↓↓↓

(* Let K_a(x, y) be the n x n matrix ((1 + x_j y_k)^a) (this is powC), with x, y
   increasing and all 1 + x_j y_k > 0.  Every part of the theorem follows from

     sign det K_a(x, y) = sign (prod_{i < n} binom a i)   whenever a is not in {0, .., n-2},

   proved in three steps.
   1. Nonsingularity (det_kernel_neq0).  A power sum t |-> sum_k c_k (1 + t y_k)^a with
      distinct y_k and c <> 0 has no n zeros: dividing by (1 + t y_k0)^a and applying
      Rolle between consecutive zeros gives n-1 zeros of a power sum with n-1 terms and
      exponent a - 1, and we conclude by induction.
   2. Behaviour near 0 (det_scaled_kernel_near0).  Taylor's formula for (1 + u)^a gives
      K_a(t x, y) = V(x) diag(t^i) (diag(binom a i) + o(1)) V(y)^T as t -> 0+, with V the
      Vandermonde matrices, so det K_a(t x, y) has the sign of prod_i binom a i for small t.
   3. Deformation (det_kernel_sign).  t |-> det K_a(t x, y) is continuous and, by 1, has no
      zero on (0, 1], so by the intermediate value theorem its sign at t = 1 is that near 0.
   The theorem then applies this to all square submatrices (all binomials positive when
   a > p - 2), to the leading block of size floor(a) + 3 (exactly one negative binomial),
   and, for integral a, combines 1 with the rank bound coming from the binomial theorem. *)

Section IncreasingIndices.
Variable R : realType.

Lemma strict_incr_inj k (T : Type) (lt : rel T) (f : 'I_k -> T) : irreflexive lt ->
  (forall i j : 'I_k, (i < j)%N -> lt (f i) (f j)) -> injective f.
Proof.
move=> irr finc i j e; apply/val_inj/eqP.
by case: ltngtP => // /finc; rewrite e irr.
Qed.

Lemma incR_le n (z : 'I_n -> R) (i j : 'I_n) : incR z -> (i <= j)%N -> z i <= z j.
Proof.
by move=> zinc; rewrite leq_eqVlt => /orP[/eqP/val_inj -> // | /zinc/ltW].
Qed.

Lemma incr_idx_le k p (f : 'I_k -> 'I_p) : incr_idx f -> (k <= p)%N.
Proof.
move=> /(@strict_incr_inj _ _ (fun i j : 'I_p => (i < j)%N) _ (fun i => ltnn i)).
by move/leq_card; rewrite !card_ord.
Qed.

Lemma incR_comp p k (x : 'I_p -> R) (f : 'I_k -> 'I_p) :
  incR x -> incr_idx f -> incR (fun j => x (f j)).
Proof. by move=> hx hf i j ij; apply/hx/hf. Qed.

End IncreasingIndices.

Section PowerSums.
Variable R : realType.
Lemma mult_le_genusS L g m : has_genus L g -> is_multiplicity L m -> m <= g.+1.
Proof.
move=> [s [s_uniq s_gaps <-]] [m_gt0 _ below_m].
suff: size (iota 1 m.-1) <= size s by rewrite size_iota; lia.
apply: uniq_leq_size (iota_uniq _ _) _ => x; rewrite mem_iota s_gaps => x_lt.
by apply: below_m; lia.
Qed.

(* With [f = 2m + k] and [A = shifted_trace k L m], the forced gaps are [[1, m)],
   [m + ([0, k) \ A)], [m + k] (because [m + (m + k) = f]) and [f]; the only other
   possible gaps are [(m + k, 2m)] and [2m + ([0, k) \ (A + A))]. *)
Definition forced_gaps N m k (A : {set 'I_k}) : {set 'I_N} :=
  window N 1 m.-1 xpredT :|: window N m k (fun j => ~~ in_natset A j)
  :|: window N (m + k) 1 xpredT :|: window N (m + m + k) 1 xpredT.

Definition optional_gaps N m k (A : {set 'I_k}) : {set 'I_N} :=
  window N (m + k).+1 (m.-1 - k) xpredT :|: window N (m + m) k (fun j => ~~ in_sumset A j).

Arguments forced_gaps : clear implicits.
Arguments optional_gaps : clear implicits.

Lemma forced_optional_disjoint N m k (A : {set 'I_k}) : k < m ->
  [disjoint forced_gaps N m k A & optional_gaps N m k A].
Proof.
move=> km; apply/pred0P => x; rewrite /= !inE.
by case: (in_natset _ _); case: (in_sumset _ _); rewrite /=; lia.
Qed.

Lemma card_forced_gaps N m k (A : {set 'I_k}) : 0 < m -> m + m + k < N ->
  #|forced_gaps N m k A| = (m.-1 + (k - #|A|)).+2.
Proof.
move=> m_gt0 lt_N.
rewrite !cardsU_disjoint ?card_window_full ?card_window ?sum_notin_natset; try lia.
all: by apply/pred0P => x; rewrite /= !inE; lia.
Qed.

Lemma card_optional_gaps_le N m k (A : {set 'I_k}) :
  ~~ in_sumset A k -> k < m -> m + m + k <= N ->
  #|optional_gaps N m k A| <= m.-1 - sumset_card A.
Proof.
move=> Ak km le_N; apply: leq_trans (leq_card_setU _ _) _.
rewrite card_window_full ?card_window ?sum_negb ?sumset_card_sum //; try lia.
have := sum_bool_le k (in_sumset A); lia.
Qed.
Lemma eq0_of_small (C M : R) : (forall e, 0 < e <= 1 -> `|C| <= e * M) -> C = 0.
Proof.
move=> small; apply/normr0_eq0/eqP; rewrite eq_le normr_ge0 andbT.
rewrite leNgt; apply/negP => C0.
have M0 : 0 <= M by have := small 1; rewrite ltr01 lexx mul1r => /(_ isT); apply: le_trans.
have CM0 : 0 < `|C| + M by rewrite ltr_pwDl.
have := small (`|C| / (`|C| + M)).
rewrite divr_gt0 // ler_pdivrMr // mul1r lerDl M0 mulrAC ler_pdivlMr // => /(_ isT).
nra.
Qed.

End RealEstimates.

Section Segments.
Context {R : realType} {V : normedModType R}.

Lemma is_derive_along {f : V -> R} {P d : V} {t : R} :
  differentiable f (P + t *: d) ->
  is_derive t 1 (fun s => f (P + s *: d)) ('d f (P + t *: d) d).
Proof.
move=> df.
have quotE : (fun h : R => h^-1 *: (((fun s => f (P + s *: d)) \o shift t) (h *: 1)
                                     - f (P + t *: d)))
  = (fun h : R => h^-1 *: ((f \o shift (P + t *: d)) (h *: d) - f (P + t *: d))).
  apply/funext => h /=; congr (_ *: (f _ - _)).
  by rewrite /shift /= scalerDl [_ *: 1]mulr1 addrCA addrA.
have fd : derivable f (P + t *: d) d by apply: diff_derivable.
by split; rewrite /derivable ?/derive quotE // -deriveE.
Qed.

Lemma segment_increment (f : V -> R) (P d : V) (a e h : R) : 0 <= h ->
  (forall t, 0 <= t <= h ->
     differentiable f (P + t *: d) /\ `|'d f (P + t *: d) d - a| <= e) ->
  `|f (P + h *: d) - f P - a * h| <= e * h.
Proof.
move=> h0 fd.
have := @mean_value_bound _ (fun s => f (P + s *: d) - a * s)
  (fun s => 'd f (P + s *: d) d - a) 0 h e h0.
rewrite scale0r addr0 mulr0 !subr0.
rewrite (_ : f (P + h *: d) - a * h - f P = f (P + h *: d) - f P - a * h); last by ring.
apply=> t /fd[ft ?] //; apply: is_deriveB; first exact: is_derive_along.
by have := is_deriveZ a (is_derive_id t 1); rewrite [_ *: 1]mulr1.
Qed.
(* Let $\gamma:[0,1]\to[0,1]^2$ be a continuous curve with $\gamma(0)=(0,0)$, $\gamma(1)=(1,1)$, and $\pi_2\circ\gamma\in\mathcal U$. Then for each $n\in\mathbb{N}$ there exist points $A_1,\ldots,A_{n+1}$ on $\gamma$ such that, setting $A_0=(0,0)$, $A_{n+2}=(1,1)$ and $A_{-1}=A_{n+1}-(1,1)$, $$\pi_2(\overrightarrow{A_iA_{i+1}})=\pi_1(\overrightarrow{A_{i-1}A_i}),\qquad i=0,\ldots,n+1.$$ Moreover, if $\gamma(t)\in\Delta$ for all $t\in(0,1)$, then the points $A_i$ can be chosen to be distinct.
   Context: $\pi_1(a,b)=a$ and $\pi_2(a,b)=b$ are the coordinate projections; $\overrightarrow{AB}=B-A$. $\Delta=\{(a,b)\in(0,1)^2: a>b\}$. A function $f:[0,1]\to\mathbb{R}$ is called piecewise monotone if there is a partition of $[0,1]$ into finitely many subintervals on each of which $f$ is strictly increasing or strictly decreasing. $\mathcal U$ denotes the set of piecewise monotone continuous functions $f:[0,1]\to[0,1]$ with the property that, for every $c\in[0,1]$, the set $f^{-1}(c)$ does not contain both a local maximum point and a local minimum point of $f$. *)

From Stdlib Require Import Reals Lra Lia.
Open Scope R_scope.

Definition in01 (x : R) : Prop := 0 <= x <= 1.

Definition cont01 (f : R -> R) : Prop :=
  forall x, in01 x -> forall eps, 0 < eps ->
    exists delta, 0 < delta /\
      forall y, in01 y -> Rabs (y - x) < delta -> Rabs (f y - f x) < eps.
(* Let $n\ge2$, let $K$ be a field and let $\mathcal{V}=(V,K')$ be a model of the theory of infinite-dimensional non-degenerate alternating $n$-linear spaces over fields elementarily equivalent to $K$, in the language $\mathcal{L}^{K}_{\theta,f}$. Let $U=\{v_i:i<\kappa\}\subseteq V$ be a $K'$-linearly independent set, and let $L\subseteq K'$ be a subfield containing $\{\langle v_{i_1},\ldots,v_{i_n}\rangle_n:0\le i_1<\cdots<i_n<\kappa\}$. Then the $\mathcal{L}^{K}_{\theta,f}$-substructure of $\mathcal{V}$ generated by $U\cup L$ equals $(\operatorname{Span}_L(U),L)$.
   Context: Alternating: the form vanishes on linearly dependent tuples; non-degenerate: for every nonzero $t\in\bigwedge^{n-1}V$ there is $w$ with $\langle t,w\rangle_2\ne0$, where $\langle\overline{v_1\otimes\cdots\otimes v_{n-1}},v\rangle_2=\langle v_1,\ldots,v_{n-1},v\rangle_n$. The language $\mathcal{L}^{K}_{\theta,f}$: sorts $V,K$; field language $\{+,\cdot,-,{}^{-1},0,1\}$ on $K$; $+_V,0_V$; scalar multiplication; the form symbol; predicates $\theta_p$ for linear independence; functions $f^p_i(v;v_1,\ldots,v_p)$ equal to the $i$-th coefficient of $v$ in terms of $v_1,\ldots,v_p$ if these are linearly independent and $v$ is in their span, and $0$ otherwise; and an expansion $\mathcal{L}^K$ of the field language by $\emptyset$-definable relations (no new function or constant symbols). *)

From HB Require Import structures.
From mathcomp Require Import all_boot all_order all_algebra.
Set Implicit Arguments. Unset Strict Implicit. Unset Printing Implicit Defensive.
Import Order.TTheory GRing.Theory Num.Theory.
Local Open Scope ring_scope.

(* Sentences of the language of (unit) rings with NO constants from any
   structure: terms/formulas over the empty type [void].                    *)
Fixpoint term_in (R : Type) (t : GRing.term void) : GRing.term R :=
  match t with
  | GRing.Var i => @GRing.Var R i
  | GRing.Const x => match x with end
  | GRing.NatConst k => @GRing.NatConst R k
  | GRing.Add a b => GRing.Add (term_in R a) (term_in R b)
  | GRing.Opp a => GRing.Opp (term_in R a)
  | GRing.NatMul a k => GRing.NatMul (term_in R a) k
  | GRing.Mul a b => GRing.Mul (term_in R a) (term_in R b)
  | GRing.Inv a => GRing.Inv (term_in R a)
  | GRing.Exp a k => GRing.Exp (term_in R a) k
  end.

Fixpoint formula_in (R : Type) (f : GRing.formula void) : GRing.formula R :=
  match f with
  | GRing.Bool b => @GRing.Bool R b
  | GRing.Equal a b => GRing.Equal (term_in R a) (term_in R b)
  | GRing.Unit a => GRing.Unit (term_in R a)
  | GRing.And f g => GRing.And (formula_in R f) (formula_in R g)
  | GRing.Or f g => GRing.Or (formula_in R f) (formula_in R g)
  | GRing.Implies f g => GRing.Implies (formula_in R f) (formula_in R g)
  | GRing.Not f => GRing.Not (formula_in R f)
  | GRing.Exists i f => GRing.Exists i (formula_in R f)
  | GRing.Forall i f => GRing.Forall i (formula_in R f)
  end.

Definition elem_equiv (K1 K2 : fieldType) : Prop :=
  forall f : GRing.formula void,
    GRing.holds [::] (formula_in K1 f) <-> GRing.holds [::] (formula_in K2 f).

Definition lin_indep (K : fieldType) (V : lmodType K) (I : eqType) (v : I -> V) : Prop :=
  forall (s : seq I) (c : I -> K), uniq s ->
    \sum_(i <- s) c i *: v i = 0 -> forall i, i \in s -> c i = 0.

Definition infinite_dim (K : fieldType) (V : lmodType K) : Prop :=
  ~ exists s : seq V, forall v : V,
      exists c : nat -> K, v = \sum_(i < size s) c i *: s`_i.

Definition span_over (K : fieldType) (V : lmodType K) (I : eqType)
  (L : K -> Prop) (U : I -> V) (v : V) : Prop :=
  exists (s : seq I) (c : I -> K), (forall i, L (c i)) /\ v = \sum_(i <- s) c i *: U i.

Definition is_subfield (K : fieldType) (L : K -> Prop) : Prop :=
  [/\ L 0, L 1,
      (forall x y, L x -> L y -> L (x + y)),
      (forall x y, L x -> L y -> L (x * y)) &
      (forall x, L x -> L (- x)) /\ (forall x, L x -> L x^-1)].

Definition upd (V : Type) (n : nat) (x : {ffun 'I_n -> V}) (j : 'I_n) (y : V)
  : {ffun 'I_n -> V} := [ffun k => if k == j then y else x k].

Definition multilinear_to (K : fieldType) (V W : lmodType K) (n : nat)
  (g : {ffun 'I_n -> V} -> W) : Prop :=
  forall (x : {ffun 'I_n -> V}) (j : 'I_n) (a : K) (u w : V),
    g (upd x j (a *: u + w)) = a *: g (upd x j u) + g (upd x j w).

Definition alternating_to (K : fieldType) (V W : lmodType K) (n : nat)
  (g : {ffun 'I_n -> V} -> W) : Prop :=
  forall x : {ffun 'I_n -> V}, ~ lin_indep (fun k : 'I_n => x k) -> g x = 0.

Definition tup (V : Type) (n : nat) (g : nat -> V) : {ffun 'I_n -> V} :=
  [ffun k : 'I_n => g (val k)].

(* The element  sum_p p.2 * (p.1 0 /\ ... /\ p.1 (m-1))  of the exterior power
   /\^m V is zero.  /\^m V is characterised by its universal property: an
   element is zero iff every alternating m-linear map sends it to 0. *)
Definition ext_zero (K : fieldType) (V : lmodType K) (m : nat)
  (r : seq ((nat -> V) * K)) : Prop :=
  forall (W : lmodType K) (g : {ffun 'I_m -> V} -> W),
    multilinear_to g -> alternating_to g ->
    \sum_(p <- r) p.2 *: g (tup m p.1) = 0.

(* ⟨t, w⟩_2 for t = sum_p p.2 * (p.1 0 /\ ... /\ p.1 (n-2)) *)
Definition pair2 (K : fieldType) (V : lmodType K) (n : nat)
  (form : {ffun 'I_n -> V} -> K) (r : seq ((nat -> V) * K)) (w : V) : K :=
  \sum_(p <- r) p.2 * form (tup n (fun k => if (k < n.-1)%N then p.1 k else w)).

Definition nondegenerate (K : fieldType) (V : lmodType K) (n : nat)
  (form : {ffun 'I_n -> V} -> K) : Prop :=
  forall r : seq ((nat -> V) * K), ~ ext_zero n.-1 r ->
    exists w : V, pair2 form r w != 0.

Definition nda_form (K : fieldType) (V : lmodType K) (n : nat)
  (form : {ffun 'I_n -> V} -> K) : Prop :=
  [/\ multilinear_to (form : {ffun 'I_n -> V} -> K^o),
      alternating_to (form : {ffun 'I_n -> V} -> K^o) &
      nondegenerate form].

(* Graph of the function symbol f^p_i (with 0-based i < p): y = f^p_i(v; vs 0..vs (p-1)). *)
Definition fsym_graph (K : fieldType) (V : lmodType K) (p i : nat)
  (v : V) (vs : nat -> V) (y : K) : Prop :=
  let indep := lin_indep (fun k : 'I_p => vs (val k)) in
  let inspan := exists c : nat -> K, v = \sum_(k < p) c k *: vs k in
  (indep /\ exists c : nat -> K, v = \sum_(k < p) c k *: vs k /\ y = c i)
  \/ (~ (indep /\ inspan) /\ y = 0).

(* (W, F) is closed under all function symbols of L^K_{theta,f}
   (the relation symbols theta_p and those of L^K play no role). *)
Definition closed_sub (K : fieldType) (V : lmodType K) (n : nat)
  (form : {ffun 'I_n -> V} -> K) (W : V -> Prop) (F : K -> Prop) : Prop :=
  [/\
      [/\ F 0, F 1,
          (forall x y, F x -> F y -> F (x + y)),
          (forall x y, F x -> F y -> F (x * y)) &
          (forall x, F x -> F (- x)) /\ (forall x, F x -> F x^-1)],
      [/\ W 0,
          (forall u w, W u -> W w -> W (u + w)) &
          (forall a u, F a -> W u -> W (a *: u))],
      (forall x : {ffun 'I_n -> V}, (forall k, W (x k)) -> F (form x)) &
      (forall (p i : nat) (v : V) (vs : nat -> V) (y : K),
          (i < p)%N -> W v -> (forall k, (k < p)%N -> W (vs k)) ->
          fsym_graph p i v vs y -> F y)].

Definition gen_V (K : fieldType) (V : lmodType K) (n : nat)
  (form : {ffun 'I_n -> V} -> K) (A : V -> Prop) (B : K -> Prop) (v : V) : Prop :=
  forall W F, closed_sub form W F -> (forall u, A u -> W u) ->
    (forall a, B a -> F a) -> W v.

Definition gen_K (K : fieldType) (V : lmodType K) (n : nat)
  (form : {ffun 'I_n -> V} -> K) (A : V -> Prop) (B : K -> Prop) (a : K) : Prop :=
  forall W F, closed_sub form W F -> (forall u, A u -> W u) ->
    (forall b, B b -> F b) -> F a.

(* The pair (Span_L U, L) is closed under every function symbol, and any
   substructure containing U and L contains it.  For the form: by
   multilinearity it suffices to evaluate it on tuples of generators v_i, and
   by alternation such a value is 0 or +-1 times a value on a strictly
   increasing tuple, which lies in L.  For f^p_i: the coordinates of a vector
   of Span_L U with respect to independent vectors of Span_L U solve a linear
   system with coefficients in L and a unique solution, hence lie in L by
   Cramer's rule. *)

From mathcomp Require Import all_boot all_order all_algebra.
From mathcomp Require Import fingroup perm.
Set Implicit Arguments. Unset Strict Implicit. Unset Printing Implicit Defensive.
Import Order.TTheory GRing.Theory.
Local Open Scope ring_scope.

Section Subfield.
Variables (K : fieldType) (L : K -> Prop).
Hypothesis L_subfield : is_subfield L.

Lemma subfield0 : L 0. Proof. by case: L_subfield. Qed.
Lemma subfield1 : L 1. Proof. by case: L_subfield. Qed.

Lemma subfieldD x y : L x -> L y -> L (x + y).
Proof. by case: L_subfield => _ _ LD _ _; apply: LD. Qed.

Lemma subfieldM x y : L x -> L y -> L (x * y).
Proof. by case: L_subfield => _ _ _ LM _; apply: LM. Qed.

Lemma subfieldN x : L x -> L (- x).
Proof. by case: L_subfield => _ _ _ _ [LN _]; apply: LN. Qed.

Lemma subfieldV x : L x -> L x^-1.
Proof. by case: L_subfield => _ _ _ _ [_ LV]; apply: LV. Qed.

Lemma subfieldX x k : L x -> L (x ^+ k).
Proof.
move=> Lx; elim: k => [|k IHk]; first by rewrite expr0; apply: subfield1.
by rewrite exprS; apply: subfieldM.
Qed.

Lemma subfieldMn x k : L x -> L (x *+ k).
Proof.
move=> Lx; elim: k => [|k IHk]; first by rewrite mulr0n; apply: subfield0.
by rewrite mulrS; apply: subfieldD.
Qed.

Lemma subfield_sum (J : Type) (r : seq J) (P : pred J) (f : J -> K) :
  (forall j, P j -> L (f j)) -> L (\sum_(j <- r | P j) f j).
Proof. by move=> Lf; apply: big_ind => //; [apply: subfield0 | apply: subfieldD]. Qed.

Lemma subfield_prod (J : Type) (r : seq J) (P : pred J) (f : J -> K) :
  (forall j, P j -> L (f j)) -> L (\prod_(j <- r | P j) f j).
Proof. by move=> Lf; apply: big_ind => //; [apply: subfield1 | apply: subfieldM]. Qed.

Lemma subfield_det k (A : 'M[K]_k) : (forall i j, L (A i j)) -> L (\det A).
Proof.
move=> LA; apply: subfield_sum => s _; apply: subfieldM.
  by apply: subfieldX; apply: subfieldN; apply: subfield1.
by apply: subfield_prod => i _; apply: LA.
Qed.

Lemma subfield_invmx k (A : 'M[K]_k) :
  (forall i j, L (A i j)) -> forall i j, L (invmx A i j).
Proof.
move=> LA i j; rewrite /invmx; case: (A \in unitmx) => //.
rewrite !mxE; apply: subfieldM; first by apply: subfieldV; apply: subfield_det.
apply: subfieldM; first by apply: subfieldX; apply: subfieldN; apply: subfield1.
by apply: subfield_det => a b; rewrite !mxE.
Qed.

Lemma subfield_mulmx m k p (A : 'M[K]_(m, k)) (B : 'M[K]_(k, p)) :
  (forall i j, L (A i j)) -> (forall i j, L (B i j)) -> forall i j, L ((A *m B) i j).
Proof. by move=> LA LB i j; rewrite !mxE; apply: subfield_sum => l _; apply: subfieldM. Qed.

(* A row-free A has an invertible square column submatrix, inverted by the adjugate formula. *)
Lemma row_free_solution_subfield p m (A : 'M[K]_(p, m)) (b : 'rV_m) (c : 'rV_p) :
  row_free A -> (forall i j, L (A i j)) -> (forall j, L (b 0 j)) ->
  c *m A = b -> forall k, L (c 0 k).
Proof.
move=> freeA LA Lb cAb k.
have fullAT : row_full A^T by rewrite /row_full mxrank_tr.
pose g := fullrankfun fullAT.
have unit_colsub : colsub g A \in unitmx.
  by rewrite -unitmx_tr trmx_mxsub fullrowsub_unit.
have -> : c = colsub g b *m invmx (colsub g A) by rewrite -cAb -mulmx_colsub mulmxK.
apply: subfield_mulmx => [i j|]; first by rewrite mxE [i]ord1.
by apply: subfield_invmx => i j; rewrite mxE.
Qed.

End Subfield.

Lemma sumr_count_mem (M : nmodType) (I : eqType) (S s : seq I) (G : I -> M) :
  uniq S -> {subset s <= S} ->
  \sum_(i <- s) G i = \sum_(j <- S) G j *+ count_mem j s.
Proof.
move=> uS; elim: s => [|i s IHs] sub_sS.
  by rewrite big_nil big1 // => j _; rewrite mulr0n.
rewrite big_cons IHs; last by move=> j js; apply: sub_sS; rewrite inE js orbT.
have iS : i \in S by apply: sub_sS; rewrite mem_head.
under [in RHS]eq_bigr => j _ do rewrite /= mulrnDr.
rewrite big_split /=; congr (_ + _).
rewrite (bigD1_seq i) //= eqxx mulr1n big1 ?addr0 // => j /negPf.
by rewrite eq_sym => ->; rewrite mulr0n.
Qed.

Section SpanOver.
Variables (K : fieldType) (V : lmodType K) (I : eqType) (U : I -> V) (L : K -> Prop).
Hypothesis L_subfield : is_subfield L.

Definition span_on (S : seq I) (x : V) : Prop :=
  exists c : I -> K, (forall i, L (c i)) /\ x = \sum_(i <- S) c i *: U i.

Lemma span_onS (S s : seq I) x : uniq S -> {subset s <= S} -> span_on s x -> span_on S x.
Proof.
move=> uS sub_sS [c [Lc ->]]; exists (fun j => c j *+ count_mem j s); split.
  by move=> j; apply: subfieldMn.
by rewrite (sumr_count_mem _ uS sub_sS); apply: eq_bigr => j _; rewrite scalerMnl.
Qed.

Lemma span_over_seq (xs : seq V) : (forall x, x \in xs -> span_over L U x) ->
  exists2 S, uniq S & forall x, x \in xs -> span_on S x.
Proof.
elim: xs => [|x xs IHxs] xs_span; first by exists [::].
have [|S uS HS] := IHxs; first by move=> y yxs; apply: xs_span; rewrite inE yxs orbT.
have [s xs_on] := xs_span x (mem_head _ _).
exists (undup (s ++ S)) => [|y]; first exact: undup_uniq.
rewrite inE => /predU1P [->|yxs].
  by apply: (span_onS (undup_uniq _) _ xs_on) => j js; rewrite mem_undup mem_cat js.
apply: (span_onS (undup_uniq _) _ (HS y yxs)) => j jS.
by rewrite mem_undup mem_cat jS orbT.
Qed.

Lemma span_over0 : span_over L U 0.
Proof. by exists [::], (fun=> 0); split; [move=> _; apply: subfield0 | rewrite big_nil]. Qed.

Lemma span_overD x y : span_over L U x -> span_over L U y -> span_over L U (x + y).
Proof.
move=> Hx Hy; have [|S _ HS] := @span_over_seq [:: x; y].
  by move=> z; rewrite !inE => /orP [] /eqP ->.
have [cx [Lcx ->]] := HS x (mem_head _ _).
have [cy [Lcy ->]] : span_on S y by apply: HS; rewrite !inE eqxx orbT.
exists S, (fun j => cx j + cy j); split; first by move=> j; apply: subfieldD.
by rewrite -big_split; apply: eq_bigr => j _; rewrite scalerDl.
Qed.

Lemma span_overZ a x : L a -> span_over L U x -> span_over L U (a *: x).
Proof.
move=> La [s [c [Lc ->]]]; exists s, (fun j => a * c j); split.
  by move=> j; apply: subfieldM.
by rewrite scaler_sumr; apply: eq_bigr => j _; rewrite scalerA.
Qed.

↑↑↑

Brief:
Please go through the data above and copy each line that has the word "property".

Response box:
   Context: $\pi_1(a,b)=a$ and $\pi_2(a,b)=b$ are the coordinate projections; $\overrightarrow{AB}=B-A$. $\Delta=\{(a,b)\in(0,1)^2: a>b\}$. A function $f:[0,1]\to\mathbb{R}$ is called piecewise monotone if there is a partition of $[0,1]$ into finitely many subintervals on each of which $f$ is strictly increasing or strictly decreasing. $\mathcal U$ denotes the set of piecewise monotone continuous functions $f:[0,1]\to[0,1]$ with the property that, for every $c\in[0,1]$, the set $f^{-1}(c)$ does not contain both a local maximum point and a local minimum point of $f$. *)
   /\^m V is zero.  /\^m V is characterised by its universal property: an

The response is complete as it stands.